Dataset: Begin

(* The following five definitions produce the same integer sequence, i.e. $a_n=b_n=c_n=d_n=e_n$ for all $n\ge 1$ (in particular each of these sequences is well defined): <ul> <li>$(a_n)_{n\ge1}$ is defined by $a_1=1$ and, for $n\ge 2$: $a_n=a_{n-1}+2$ if $n$ is in the sequence; $a_n=a_{n-1}+2$ if neither $n$ nor $n-1$ is in the sequence; $a_n=a_{n-1}+3$ if $n$ is not in the sequence but $n-1$ is in the sequence.</li> <li>$(b_n)_{n\ge1}$ is defined by $b_1=1$ and, for $n\ge 2$: $b_n=b_{n-1}+2$ if $n-1$ is not in the sequence; $b_n=b_{n-1}+3$ if $n-1$ is in the sequence.</li> <li>$c_n$ is the position of the $n$-th letter $0$ in the fixed point of the morphism $\phi$ on $\{0,1\}^*$ given by $\phi(0)=011$, $\phi(1)=01$.</li> <li>$d_n=\left\lfloor (1+\sqrt{2})\, n-\tfrac12\sqrt{2}\right\rfloor$ for $n\ge1$.</li> <li>$e_n=\lfloor r_n+\tfrac12\rfloor$, where $r_1=\tfrac{4}{\pi}$ and $r_{n+1}=\dfrac{n^2}{r_n-(2n-1)}$ for $n\ge1$.</li> </ul>
   Context: In the definitions of $(a_n)$ and $(b_n)$, ''$m$ is in the sequence'' means that $m$ equals some term of that same sequence (the definitions are self-referential but determine the sequence recursively). The fixed point of $\phi$ is the infinite word $\lim_{k\to\infty}\phi^k(0)=0110101011010\cdots$ beginning with $0$; positions in this infinite word are numbered starting from $1$. *)

From Stdlib Require Import Reals ZArith Arith List.
Import ListNotations.
Open Scope R_scope.

Definition inseq (f : nat -> Z) (m : Z) : Prop :=
  exists k : nat, (1 <= k)%nat /\ f k = m.

Definition a_rec (f : nat -> Z) : Prop :=
  f 1%nat = 1%Z /\
  forall n : nat, (2 <= n)%nat ->
    let N := Z.of_nat n in
    (inseq f N -> f n = (f (n - 1)%nat + 2)%Z) /\
    (~ inseq f N /\ ~ inseq f (N - 1)%Z -> f n = (f (n - 1)%nat + 2)%Z) /\
    (~ inseq f N /\ inseq f (N - 1)%Z -> f n = (f (n - 1)%nat + 3)%Z).

Definition b_rec (f : nat -> Z) : Prop :=
  f 1%nat = 1%Z /\
  forall n : nat, (2 <= n)%nat ->
    let N := Z.of_nat n in
    (~ inseq f (N - 1)%Z -> f n = (f (n - 1)%nat + 2)%Z) /\
    (inseq f (N - 1)%Z -> f n = (f (n - 1)%nat + 3)%Z).

Definition phi_letter (x : nat) : list nat :=
  match x with 0%nat => [0; 1; 1]%nat | _ => [0; 1]%nat end.
Definition phi (w : list nat) : list nat := flat_map phi_letter w.
Definition phik (k : nat) : list nat := Nat.iter k phi [0%nat].

Definition is_fixed_point_limit (w : nat -> nat) : Prop :=
  forall i : nat, (1 <= i)%nat ->
    exists K : nat, forall k : nat, (K <= k)%nat ->
      (i <= length (phik k))%nat /\ nth (i - 1) (phik k) 0%nat = w i.

Definition nth_zero_pos (w : nat -> nat) (n p : nat) : Prop :=
  (1 <= p)%nat /\ w p = 0%nat /\
  length (filter (fun i => Nat.eqb (w i) 0) (seq 1 p)) = n.

Definition d (n : nat) : Z :=
  Int_part ((1 + sqrt 2) * INR n - sqrt 2 / 2).

(** r_1 = 4/pi, r_{n+1} = n^2 / (r_n - (2n - 1)); r 0 is an unused dummy. *)
Fixpoint r (n : nat) : R :=
  match n with
  | O => 0
  | S m =>
    match m with
    | O => 4 / PI
    | S _ => (INR m) ^ 2 / (r m - (2 * INR m - 1))
    end
  end.

Definition e (n : nat) : Z := Int_part (r n + 1 / 2).

(* Write t_m = sqrt 2 (m - 1/2); then d_n = n + floor t_n.  Since 1 < sqrt 2 < 3/2
   the floor of t_m jumps by 1 or 2, and because (sqrt 2 - 1)(sqrt 2 + 1) = 1 the
   values of d are exactly the m at which it jumps by 2.  Hence d increases by 3
   after a value of d and by 2 otherwise, and no two consecutive integers are
   values of d: this is the content of recursions (a) and (b), which determine
   their solution because f k >= 2k - 1 makes membership of m <= n depend only on
   earlier terms.  The fixed point of phi is the word whose i-th letter is 0
   exactly when i is a value of d, phi sending its k-th letter onto positions
   d_k, ..., d_(k+1) - 1.
   For (e), r_n = y_(n-1) / y_n where y > 0 solves n^2 y_(n+1) + (2n - 1) y_n = y_(n-1)
   with y_1 / y_0 = pi / 4; y is given by integrals of powers of
   t^2 (1 - t^2) / (1 + t^2), and positivity yields r_n > 2n - 1.  The step
   v |-> 2n - 1 + n^2 / v of the recursion then contracts errors by a factor 4,
   which pins r_n between (1 + sqrt 2)(n - 1/2) and that bound plus
   (sqrt 2 - 1) / (4n); adding 1/2 gives n + t_n plus a perturbation too small to
   reach the next integer, since 2 (floor t_n + 1)^2 - (2n - 1)^2 >= 1. *)

From Stdlib Require Import Reals Lra Lia ZArith Arith List Classical.
From Coquelicot Require Import Coquelicot.
Import ListNotations.
Open Scope R_scope.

Dataset: End

▶ **What you should do**
Return, word for word, the lines of the data above from the line with "exists K : nat, forall" through the line with "(sqrt 2 - 1) /", inclusive.

▶ **Answer box**
    exists K : nat, forall k : nat, (K <= k)%nat ->
      (i <= length (phik k))%nat /\ nth (i - 1) (phik k) 0%nat = w i.

Definition nth_zero_pos (w : nat -> nat) (n p : nat) : Prop :=
  (1 <= p)%nat /\ w p = 0%nat /\
  length (filter (fun i => Nat.eqb (w i) 0) (seq 1 p)) = n.

Definition d (n : nat) : Z :=
  Int_part ((1 + sqrt 2) * INR n - sqrt 2 / 2).

(** r_1 = 4/pi, r_{n+1} = n^2 / (r_n - (2n - 1)); r 0 is an unused dummy. *)
Fixpoint r (n : nat) : R :=
  match n with
  | O => 0
  | S m =>
    match m with
    | O => 4 / PI
    | S _ => (INR m) ^ 2 / (r m - (2 * INR m - 1))
    end
  end.

Definition e (n : nat) : Z := Int_part (r n + 1 / 2).

(* Write t_m = sqrt 2 (m - 1/2); then d_n = n + floor t_n.  Since 1 < sqrt 2 < 3/2
   the floor of t_m jumps by 1 or 2, and because (sqrt 2 - 1)(sqrt 2 + 1) = 1 the
   values of d are exactly the m at which it jumps by 2.  Hence d increases by 3
   after a value of d and by 2 otherwise, and no two consecutive integers are
   values of d: this is the content of recursions (a) and (b), which determine
   their solution because f k >= 2k - 1 makes membership of m <= n depend only on
   earlier terms.  The fixed point of phi is the word whose i-th letter is 0
   exactly when i is a value of d, phi sending its k-th letter onto positions
   d_k, ..., d_(k+1) - 1.
   For (e), r_n = y_(n-1) / y_n where y > 0 solves n^2 y_(n+1) + (2n - 1) y_n = y_(n-1)
   with y_1 / y_0 = pi / 4; y is given by integrals of powers of
   t^2 (1 - t^2) / (1 + t^2), and positivity yields r_n > 2n - 1.  The step
   v |-> 2n - 1 + n^2 / v of the recursion then contracts errors by a factor 4,
   which pins r_n between (1 + sqrt 2)(n - 1/2) and that bound plus
   (sqrt 2 - 1) / (4n); adding 1/2 gives n + t_n plus a perturbation too small to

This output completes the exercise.